A voi questa viva esortazione: amate la vostra terra benedetta, sappiate
farla amare da quanti trovano nelle vostre montagne momenti di serenità e di
svago e con la vostra vita insegnate il rispetto della natura, vista come
manifestazione dell’opera stupenda della creazione.
3. Vorrei rivolgere una speciale parola agli esponenti del Rotary Club di
Lovere-Boario-Breno, che saluto con viva cordialità.
Il vostro motto “servire” è tutto un programma, cari Rotariani. Esso richiama
alla mente un requisito fondamentale di ogni ordinata convivenza: la famiglia,
la città, la nazione non si reggono se i rispettivi componenti non sono disposti
a impegnarsi generosamente nel servizio che a ciascuno compete. Anche la vita
della Chiesa pone una simile esigenza: ciascuno ha in essa un proprio ruolo da
svolgere. Al Papa, in particolare, come “Servo dei servi”, è riservato il ruolo
di “presiedere alla carità universale” e di aiutare l’uomo nell’incontro con Dio
salvatore. Ma ogni cristiano è chiamato a servire, perché il servizio è il cuore
del Vangelo stesso. Gesù è venuto per servire, non per essere servito (cf. Mc
10, 45).
Conosco i meriti della vostra Associazione: essa ha una lunga tradizione di
servizio e di carità.

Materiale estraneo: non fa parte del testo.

(* Equality case of the triangle inequality in the Euclidean plane: if the
   first coordinate of the sum may only shrink, it cannot shrink at all. *)
Lemma euclid_triangle_eq_fst (x1 x2 x3 y1 y2 : R) :
  0 <= x1 -> 0 <= x2 -> 0 <= x3 -> x3 <= x1 + x2 ->
  sqrt (x1 ^ 2 + y1 ^ 2) + sqrt (x2 ^ 2 + y2 ^ 2) = sqrt (x3 ^ 2 + (y1 + y2) ^ 2) ->
  x3 = x1 + x2.
Proof.
  intros h1 h2 h3 h4 H.
  assert (sq : forall a b, sqrt (a ^ 2 + b ^ 2) * sqrt (a ^ 2 + b ^ 2) = a ^ 2 + b ^ 2)
    by (intros; apply sqrt_sqrt; nra).
  pose proof (sq x1 y1) as e1. pose proof (sq x2 y2) as e2.
  pose proof (sq x3 (y1 + y2)) as e3.
  pose proof (sqrt_pos (x1 ^ 2 + y1 ^ 2)) as p1.
  pose proof (sqrt_pos (x2 ^ 2 + y2 ^ 2)) as p2.
  revert e1 e2 e3 p1 p2 H.
  generalize (sqrt (x1 ^ 2 + y1 ^ 2)) (sqrt (x2 ^ 2 + y2 ^ 2))
    (sqrt (x3 ^ 2 + (y1 + y2) ^ 2)).
  intros S1 S2 S3 e1 e2 e3 p1 p2 H.
  assert (cauchy_schwarz : x1 * x2 + y1 * y2 <= S1 * S2).
  { assert ((x1 * x2 + y1 * y2) ^ 2 <= (S1 * S2) ^ 2).
    { replace ((S1 * S2) ^ 2) with ((S1 * S1) * (S2 * S2)) by ring.
      rewrite e1, e2. pose proof (pow2_ge_0 (x1 * y2 - x2 * y1)). nra. }
    destruct (Rle_lt_dec (x1 * x2 + y1 * y2) 0); [nra|].
    apply Rsqr_incr_0_var; unfold Rsqr; nra. }
  assert (S3 * S3 = (S1 + S2) * (S1 + S2)) by (rewrite <- H; ring).
  nra.
Qed.

Section Geodesics.

Variables (T : Type) (d : T -> T -> R).

Lemma is_geodesic_dist_start x y g t :
  is_geodesic T d x y g -> 0 <= t <= 1 -> d x (g t) = t * d x y.
Proof.
  intros (e0 & _ & hd) Ht. rewrite <- e0 at 1. rewrite hd by lra.
  rewrite Rabs_left1 by lra. ring.
Qed.

Lemma is_geodesic_dist_end x y g t :
  is_geodesic T d x y g -> 0 <= t <= 1 -> d (g t) y = (1 - t) * d x y.
Proof.
  intros (_ & e1 & hd) Ht. rewrite <- e1 at 1. rewrite hd by lra.
  rewrite Rabs_left1 by lra. ring.
Qed.

Hypothesis Hm : is_metric T d.

Lemma dist_ge0 x y : 0 <= d x y.
Proof. apply Hm. Qed.

Lemma dist_sym x y : d x y = d y x.
Proof. apply Hm. Qed.

Lemma dist_triangle x y z : d x z <= d x y + d y z.
Proof. apply Hm. Qed.

Lemma is_geodesic_rev x y g :
  is_geodesic T d x y g -> is_geodesic T d y x (fun u => g (1 - u)).
Proof.
  intros (h0 & h1 & hd). split; [|split].
  - now replace (1 - 0) with 1 by ring.
  - now replace (1 - 1) with 0 by ring.
  - intros s t Hs Ht. rewrite hd by lra. rewrite dist_sym.
    replace (1 - s - (1 - t)) with (- (s - t)) by ring.
    now rewrite Rabs_Ropp.
Qed.
Lemma Phi_neg_of_gt_45 a : 4 / 5 < a -> exists x, 0 < x < PI / 2 /\ Phi a x < 0.
Proof.
  intros Ha. pose proof PI2_3_2.
  set (x := Rmin (1 / 2) (Rmin a 1 - 4 / 5)).
  assert (Hx : 0 < x <= 1 / 2).
  { pose proof (Rmin_l (1 / 2) (Rmin a 1 - 4 / 5)). split; [| auto].
    apply Rmin_glb_lt; [lra |]. apply Rlt_0_minus, Rmin_glb_lt; lra. }
  exists x. split; [lra |].
  apply (neg_of_deriv_neg_from_0 _ (Phi' a)); [lra | apply Phi_deriv_on; lra | | apply Phi_lt_near_0; lra].
  intros t Ht. apply Phi'_neg_near_0; auto. fold x. lra.
Qed.

(** * Power means *)

Definition pmean (r c : R) := Rpower ((2 + Rpower c r) / 3) (1 / r).

Lemma power_mean_eq_pmean r c : r <> 0 -> power_mean r 1 c (2 / 3) = pmean r c.
Proof.
  intros Hr. unfold power_mean, pmean. destruct (Req_EM_T r 0) as [E | E]; [contradiction |].
  rewrite Rpower_base_1. f_equal. field.
Qed.

Lemma power_mean_0 c : power_mean 0 1 c (2 / 3) = Rpower c (1 / 3).
Proof.
  unfold power_mean. destruct (Req_EM_T 0 0) as [E | E]; [| lra].
  rewrite Rpower_base_1, Rmult_1_l. f_equal. field.
Qed.

Lemma Phi_eq_ln_sub r x : 0 < r -> Phi r x = r * (ln (sin x / x) - ln (pmean r (cos x))).
Proof. intros Hr. unfold Phi, pmean. rewrite ln_Rpower. field. lra. Qed.

Lemma pmean_lt_sinc_of_Phi_pos r x : 0 < r -> 0 < x < PI / 2 -> 0 < Phi r x -> pmean r (cos x) < sin x / x.
Proof.
  intros Hr Hx HP. destruct (sin_cos_bounds x Hx) as [Hs [Hsx [Hc Hc1]]].
  rewrite Phi_eq_ln_sub in HP by auto.
  apply ln_lt_inv; [apply Rpower_pos | apply Rdiv_lt_0_compat; lra | nra].
Qed.

Lemma sinc_lt_pmean_of_Phi_neg r x : 0 < r -> 0 < x < PI / 2 -> Phi r x < 0 -> sin x / x < pmean r (cos x).
Proof.
  intros Hr Hx HP. destruct (sin_cos_bounds x Hx) as [Hs [Hsx [Hc Hc1]]].
  rewrite Phi_eq_ln_sub in HP by auto.
  apply ln_lt_inv; [apply Rdiv_lt_0_compat; lra | apply Rpower_pos | nra].
Qed.

(* The power-mean inequality, via Bernoulli's inequality applied to [1/m] and
   [y/m], where [m] is the mean of [1, 1, y]. *)
Lemma pmean_le_mono p b c : 0 < p <= b -> 0 < c < 1 -> pmean p c <= pmean b c.
Proof.
  intros Hp Hc. unfold pmean.
  set (y := Rpower c b). set (t := p / b). set (m := (2 + y) / 3).
  assert (Hy : 0 < y) by apply Rpower_pos. assert (Hm : 0 < m) by (unfold m; lra).
  assert (Ecp : Rpower c p = Rpower y t) by (unfold y, t; rewrite Rpower_mult; f_equal; field; lra).
  rewrite Ecp. fold m.
  assert (Ht : 0 < t <= 1).
  { unfold t. split; [apply Rdiv_lt_0_compat; lra |].
    apply (Rmult_le_reg_r b); [lra |]. unfold Rdiv; rewrite Rmult_assoc, Rinv_l; lra. }
  assert (Hmain : (2 + Rpower y t) / 3 <= Rpower m t).
  { destruct (Req_dec t 1) as [E1 | E1]; [rewrite E1, !Rpower_1 by lra; unfold m; lra |].
    assert (E2 : Rpower m t * Rpower (/ m) t = 1).
    { rewrite Rpower_mult_distr, Rinv_r by (try apply Rinv_0_lt_compat; lra). apply Rpower_base_1. }
    assert (E3 : Rpower m t * Rpower (y / m) t = Rpower y t).
    { rewrite Rpower_mult_distr by (try apply Rdiv_lt_0_compat; lra). f_equal. field. lra. }
    pose proof (Rpower_le_bernoulli t (/ m) ltac:(lra) ltac:(apply Rinv_0_lt_compat; lra)).
    pose proof (Rpower_le_bernoulli t (y / m) ltac:(lra) ltac:(apply Rdiv_lt_0_compat; lra)).
    pose proof (Rpower_pos m t).
    assert (2 * (1 + t * (/ m - 1)) + (1 + t * (y / m - 1)) = 3) by (unfold m; field; lra).
    rewrite <- E3. replace 2 with (2 * (Rpower m t * Rpower (/ m) t)) at 1 by (rewrite E2; ring). nra. }
  assert (0 < (2 + Rpower y t) / 3) by (pose proof (Rpower_pos y t); lra).
  apply Rle_trans with (Rpower (Rpower m t) (1 / p)).
  - apply Rle_Rpower_l; [left; apply Rdiv_lt_0_compat |]; lra.
  - rewrite Rpower_mult. right. f_equal. unfold t. field. lra.
Qed.

Lemma ln_geometric_le_mean r c : 0 < c -> r / 3 * ln c <= ln ((2 + Rpower c r) / 3).
Proof.
  intros Hc. set (v := Rpower c (r / 3)). assert (Hv : 0 < v) by apply Rpower_pos.
  assert (Ev : v ^ 3 = Rpower c r).
  { unfold v. rewrite <- Rpower_pow, Rpower_mult by apply Rpower_pos. f_equal. simpl; field. }
  assert (v <= (2 + v ^ 3) / 3).
  { assert (0 <= (v - 1) ^ 2 * (v + 2)) by (apply Rmult_le_pos; [apply pow2_ge_0 | lra]).
    assert ((v - 1) ^ 2 * (v + 2) = v ^ 3 - 3 * v + 2) by ring. lra. }
  rewrite <- ln_Rpower. fold v. apply ln_le_ln; [auto | rewrite <- Ev; auto].
Qed.

Lemma pmean_neg_le_cbrt r c : r < 0 -> 0 < c -> pmean r c <= Rpower c (1 / 3).
Proof.
  intros Hr Hc. unfold pmean, Rpower at 1 3. apply exp_le_exp.
  pose proof (ln_geometric_le_mean r c Hc).
  assert (1 / r < 0) by (apply Rdiv_pos_neg; lra).
  replace (1 / 3 * ln c) with (1 / r * (r / 3 * ln c)) by (field; lra).
  apply Rmult_le_compat_neg_l; lra.
Qed.

Lemma cbrt_le_pmean r c : 0 < r -> 0 < c -> Rpower c (1 / 3) <= pmean r c.
Proof.
  intros Hr Hc. unfold pmean, Rpower at 1 2. apply exp_le_exp.
  pose proof (ln_geometric_le_mean r c Hc).
  replace (1 / 3 * ln c) with (1 / r * (r / 3 * ln c)) by (field; lra).
  apply Rmult_le_compat_l; [left; apply Rdiv_lt_0_compat |]; lra.
Qed.

(** * Optimality of [p] *)

Lemma exists_power_mean_lt_sinc_of_nonpos b : b <= 0 ->
  exists x, 0 < x < PI / 2 /\ power_mean b 1 (cos x) (2 / 3) < sin x / x.
Proof.
  intros Hb. pose proof PI2_3_2. exists (3 / 2). split; [lra |].
  destruct (sin_cos_bounds (3 / 2) ltac:(lra)) as [Hs [Hsx [Hc Hc1]]].
  pose proof (cos_le_taylor4 (3 / 2) ltac:(lra)). pose proof (sin_ge_taylor3 (3 / 2) ltac:(lra)).
  assert (Hsinc : 1 / 2 < sin (3 / 2) / (3 / 2)).
  { replace (sin (3 / 2) / (3 / 2)) with (2 / 3 * sin (3 / 2)) by field. lra. }
  assert (Hcbrt : Rpower (cos (3 / 2)) (1 / 3) <= 1 / 2).
  { replace (1 / 3) with (INR 1 / INR 3) by (simpl; field). apply Rpower_rat_le; [lra | lra | lia |]. simpl. lra. }
  destruct (Req_dec b 0) as [-> | Hb0].
  - rewrite power_mean_0. lra.
  - rewrite power_mean_eq_pmean by lra. pose proof (pmean_neg_le_cbrt b (cos (3 / 2)) ltac:(lra) Hc). lra.
Qed.

Lemma two_div_PI_pow_gt b : 0 < b < p_crit -> 2 / 3 < Rpower (2 / PI) b.
Proof.
  intros Hb. pose proof PI2_3_2. pose proof ln_PI_sub_ln_2_pos. pose proof p_crit_mul.
  unfold Rpower. rewrite <- (exp_ln (2 / 3)) by lra. apply exp_increasing.
  rewrite !ln_div by lra. nra.
Qed.

Lemma pmean_lt_of_mean_lt_pow b c s : 0 < b -> 0 < s -> (2 + Rpower c b) / 3 < Rpower s b -> pmean b c < s.
Proof.
  intros Hb Hs H. unfold pmean.
  assert (Es : Rpower (Rpower s b) (1 / b) = s).
  { rewrite Rpower_mult. replace (b * (1 / b)) with 1 by (field; lra). apply Rpower_1; lra. }
  rewrite <- Es. apply Rlt_Rpower_l; [apply Rdiv_lt_0_compat; lra |].
  pose proof (Rpower_pos c b). lra.
Qed.

(* Near [PI/2] with [e = PI/2 - x], the ratio [sin x / x] is at least
   [(2/PI) cos e] while [M_b(1, sin e; 2/3)] tends to [(2/3)^(1/b) < 2/PI]. *)
Lemma exists_power_mean_lt_sinc_of_lt_p b : 0 < b < p_crit ->
  exists x, 0 < x < PI / 2 /\ power_mean b 1 (cos x) (2 / 3) < sin x / x.
Proof.
  intros Hb. pose proof PI2_3_2. pose proof p_crit_bounds.
  pose proof (two_div_PI_pow_gt b Hb) as Hg. set (g := Rpower (2 / PI) b - 2 / 3) in *.
  assert (Hg1 : Rpower (2 / PI) b < 1).
  { apply Rpower_lt_1; [split; [apply Rdiv_lt_0_compat |] | ]; try lra.
    apply (Rmult_lt_reg_r PI); [lra |]. unfold Rdiv; rewrite Rmult_assoc, Rinv_l; lra. }
  set (e := Rmin (g / 2) (Rmin (Rpower g (1 / b)) (1 / 2))).
  pose proof (Rmin_l (g / 2) (Rmin (Rpower g (1 / b)) (1 / 2))).
  pose proof (Rmin_r (g / 2) (Rmin (Rpower g (1 / b)) (1 / 2))).
  pose proof (Rmin_l (Rpower g (1 / b)) (1 / 2)). pose proof (Rmin_r (Rpower g (1 / b)) (1 / 2)).
  pose proof (Rpower_pos g (1 / b)).
  assert (He : 0 < e) by (apply Rmin_glb_lt; [unfold g in *; lra | apply Rmin_glb_lt; lra]).
  fold e in H1, H2.
  exists (PI / 2 - e). split; [lra |].
  rewrite cos_shift, sin_shift, power_mean_eq_pmean by lra.
  destruct (sin_cos_bounds e ltac:(lra)) as [Hs [Hsx [Hc Hc1]]].
  assert (Hsin : Rpower (sin e) b <= g).
  { apply Rle_trans with (Rpower e b); [apply Rle_Rpower_l; lra |].
    apply Rle_trans with (Rpower (Rpower g (1 / b)) b); [apply Rle_Rpower_l; lra |].
    rewrite Rpower_mult. replace (1 / b * b) with 1 by (field; lra). rewrite Rpower_1; unfold g; lra. }
  set (s := cos e / (PI / 2 - e)).
  assert (Hs0 : 2 / PI * cos e <= s).
  { unfold s. assert (Hi : / (PI / 2) <= / (PI / 2 - e)) by (apply Rinv_le_contravar; lra).
    replace (/ (PI / 2)) with (2 / PI) in Hi by (field; lra). unfold Rdiv at 2. nra. }
  assert (Hsb : Rpower (2 / PI) b * cos e <= Rpower s b).
  { apply Rle_trans with (Rpower (2 / PI * cos e) b).
    - rewrite <- Rpower_mult_distr by (try apply Rdiv_lt_0_compat; lra).
      apply Rmult_le_compat_l; [left; apply Rpower_pos |]. apply Rpower_ge_base; lra.
    - apply Rle_Rpower_l; [lra |]. split; [apply Rmult_lt_0_compat; [apply Rdiv_lt_0_compat |] |]; lra. }
  pose proof (cos_ge_taylor2 e ltac:(lra)).
  assert (1 - e <= cos e) by nra.
  apply pmean_lt_of_mean_lt_pow; [lra | unfold s; apply Rdiv_lt_0_compat; lra |].
  pose proof (Rpower_pos (2 / PI) b). unfold g in *. nra.
Qed.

Onorando il vostro passato, sappiate sempre farvi carico
dei molteplici problemi dell’uomo, a cominciare da quelli materiali che molte
volte sono determinanti per la serenità e la pace familiare.
Aiutare l’uomo significa vivere l’essenza del Vangelo e capire meglio quanto
grande è stato l’amore di Gesù, che si è fatto nostro fratello.
Voi avete ogni giorno l’occasione di entrare in contatto con le povertà di
oggi: sappiate trovare soluzioni giuste nel rispetto della dignità dell’uomo.
L’avvicinarsi del Natale sia motivo per intensificare il vostro impegno.
A tutti i presenti, alle vostre famiglie e a tutti i vostri cari porgo i miei
auguri per il Santo Natale, accompagnandoli con la mia benedizione.